[Collected data entries]
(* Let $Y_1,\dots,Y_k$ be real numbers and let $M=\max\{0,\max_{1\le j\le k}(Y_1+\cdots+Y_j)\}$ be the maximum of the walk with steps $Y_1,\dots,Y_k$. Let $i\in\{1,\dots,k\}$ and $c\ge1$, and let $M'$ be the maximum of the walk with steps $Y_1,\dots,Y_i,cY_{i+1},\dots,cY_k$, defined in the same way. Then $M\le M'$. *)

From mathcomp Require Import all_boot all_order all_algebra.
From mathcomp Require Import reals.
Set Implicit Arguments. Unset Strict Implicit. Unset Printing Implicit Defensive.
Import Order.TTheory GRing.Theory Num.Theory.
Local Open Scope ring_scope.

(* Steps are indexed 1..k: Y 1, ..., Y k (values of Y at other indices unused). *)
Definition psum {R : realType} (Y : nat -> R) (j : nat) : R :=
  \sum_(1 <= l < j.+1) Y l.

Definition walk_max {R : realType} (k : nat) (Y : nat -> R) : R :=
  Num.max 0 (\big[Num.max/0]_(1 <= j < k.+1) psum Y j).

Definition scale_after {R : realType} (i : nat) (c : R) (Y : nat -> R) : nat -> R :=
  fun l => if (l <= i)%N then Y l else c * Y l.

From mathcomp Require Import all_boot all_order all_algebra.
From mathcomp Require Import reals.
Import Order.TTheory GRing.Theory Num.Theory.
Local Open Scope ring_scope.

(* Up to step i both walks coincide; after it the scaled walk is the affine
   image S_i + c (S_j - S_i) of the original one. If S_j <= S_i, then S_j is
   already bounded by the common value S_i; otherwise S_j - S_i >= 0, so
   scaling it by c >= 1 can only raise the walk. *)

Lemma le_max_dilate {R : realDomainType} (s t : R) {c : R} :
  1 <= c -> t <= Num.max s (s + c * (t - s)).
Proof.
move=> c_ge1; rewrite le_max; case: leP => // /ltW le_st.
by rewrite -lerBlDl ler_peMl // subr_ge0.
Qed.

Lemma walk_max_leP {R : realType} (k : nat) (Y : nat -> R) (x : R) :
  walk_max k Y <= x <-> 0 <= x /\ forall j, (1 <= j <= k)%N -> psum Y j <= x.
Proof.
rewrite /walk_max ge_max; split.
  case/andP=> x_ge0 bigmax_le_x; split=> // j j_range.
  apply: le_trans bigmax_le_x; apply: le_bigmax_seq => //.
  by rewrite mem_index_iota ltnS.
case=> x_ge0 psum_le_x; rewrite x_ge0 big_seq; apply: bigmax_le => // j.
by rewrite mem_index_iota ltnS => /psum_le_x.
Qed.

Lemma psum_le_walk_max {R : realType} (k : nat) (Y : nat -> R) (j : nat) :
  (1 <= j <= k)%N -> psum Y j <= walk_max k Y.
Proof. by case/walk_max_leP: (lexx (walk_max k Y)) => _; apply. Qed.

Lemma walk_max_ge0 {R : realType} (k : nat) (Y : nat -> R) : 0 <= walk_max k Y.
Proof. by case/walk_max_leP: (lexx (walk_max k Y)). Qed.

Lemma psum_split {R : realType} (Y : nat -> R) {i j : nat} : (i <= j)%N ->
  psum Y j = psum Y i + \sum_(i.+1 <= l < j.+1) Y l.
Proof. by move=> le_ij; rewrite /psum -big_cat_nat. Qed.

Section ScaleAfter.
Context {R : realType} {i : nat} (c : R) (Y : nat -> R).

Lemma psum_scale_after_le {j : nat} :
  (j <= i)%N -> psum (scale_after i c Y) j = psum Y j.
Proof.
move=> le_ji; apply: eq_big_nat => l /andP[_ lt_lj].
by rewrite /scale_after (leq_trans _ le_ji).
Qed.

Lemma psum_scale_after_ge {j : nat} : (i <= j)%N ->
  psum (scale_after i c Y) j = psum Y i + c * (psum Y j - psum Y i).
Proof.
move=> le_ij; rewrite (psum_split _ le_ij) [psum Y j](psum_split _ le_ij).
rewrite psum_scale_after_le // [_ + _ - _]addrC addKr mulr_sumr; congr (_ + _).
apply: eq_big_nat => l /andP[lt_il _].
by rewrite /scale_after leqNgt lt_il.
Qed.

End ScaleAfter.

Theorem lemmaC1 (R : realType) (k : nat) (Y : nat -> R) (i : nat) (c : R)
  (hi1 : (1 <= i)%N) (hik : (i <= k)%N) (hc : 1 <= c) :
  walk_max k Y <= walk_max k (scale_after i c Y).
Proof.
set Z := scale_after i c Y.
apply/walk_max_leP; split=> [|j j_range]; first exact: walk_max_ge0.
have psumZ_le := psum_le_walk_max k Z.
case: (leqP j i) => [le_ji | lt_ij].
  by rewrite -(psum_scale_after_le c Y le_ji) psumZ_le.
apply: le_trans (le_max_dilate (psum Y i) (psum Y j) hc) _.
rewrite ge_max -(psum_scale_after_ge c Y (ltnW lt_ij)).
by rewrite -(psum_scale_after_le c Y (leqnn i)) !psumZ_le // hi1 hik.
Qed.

_WORK TO BE COMPLETED_
All lines from the one containing "apply: eq_big_nat => l /andP[lt_il _]." through the final line of the records above are to be set down exactly, and no other line is to appear.

_EXERCISE OUTPUT_
apply: eq_big_nat => l /andP[lt_il _].
by rewrite /scale_after leqNgt lt_il.
Qed.

End ScaleAfter.

Theorem lemmaC1 (R : realType) (k : nat) (Y : nat -> R) (i : nat) (c : R)
  (hi1 : (1 <= i)%N) (hik : (i <= k)%N) (hc : 1 <= c) :
  walk_max k Y <= walk_max k (scale_after i c Y).
Proof.
set Z := scale_after i c Y.
apply/walk_max_leP; split=> [|j j_range]; first exact: walk_max_ge0.
have psumZ_le := psum_le_walk_max k Z.
case: (leqP j i) => [le_ji | lt_ij].
  by rewrite -(psum_scale_after_le c Y le_ji) psumZ_le.
apply: le_trans (le_max_dilate (psum Y i) (psum Y j) hc) _.
rewrite ge_max -(psum_scale_after_ge c Y (ltnW lt_ij)).
by rewrite -(psum_scale_after_le c Y (leqnn i)) !psumZ_le // hi1 hik.
Qed.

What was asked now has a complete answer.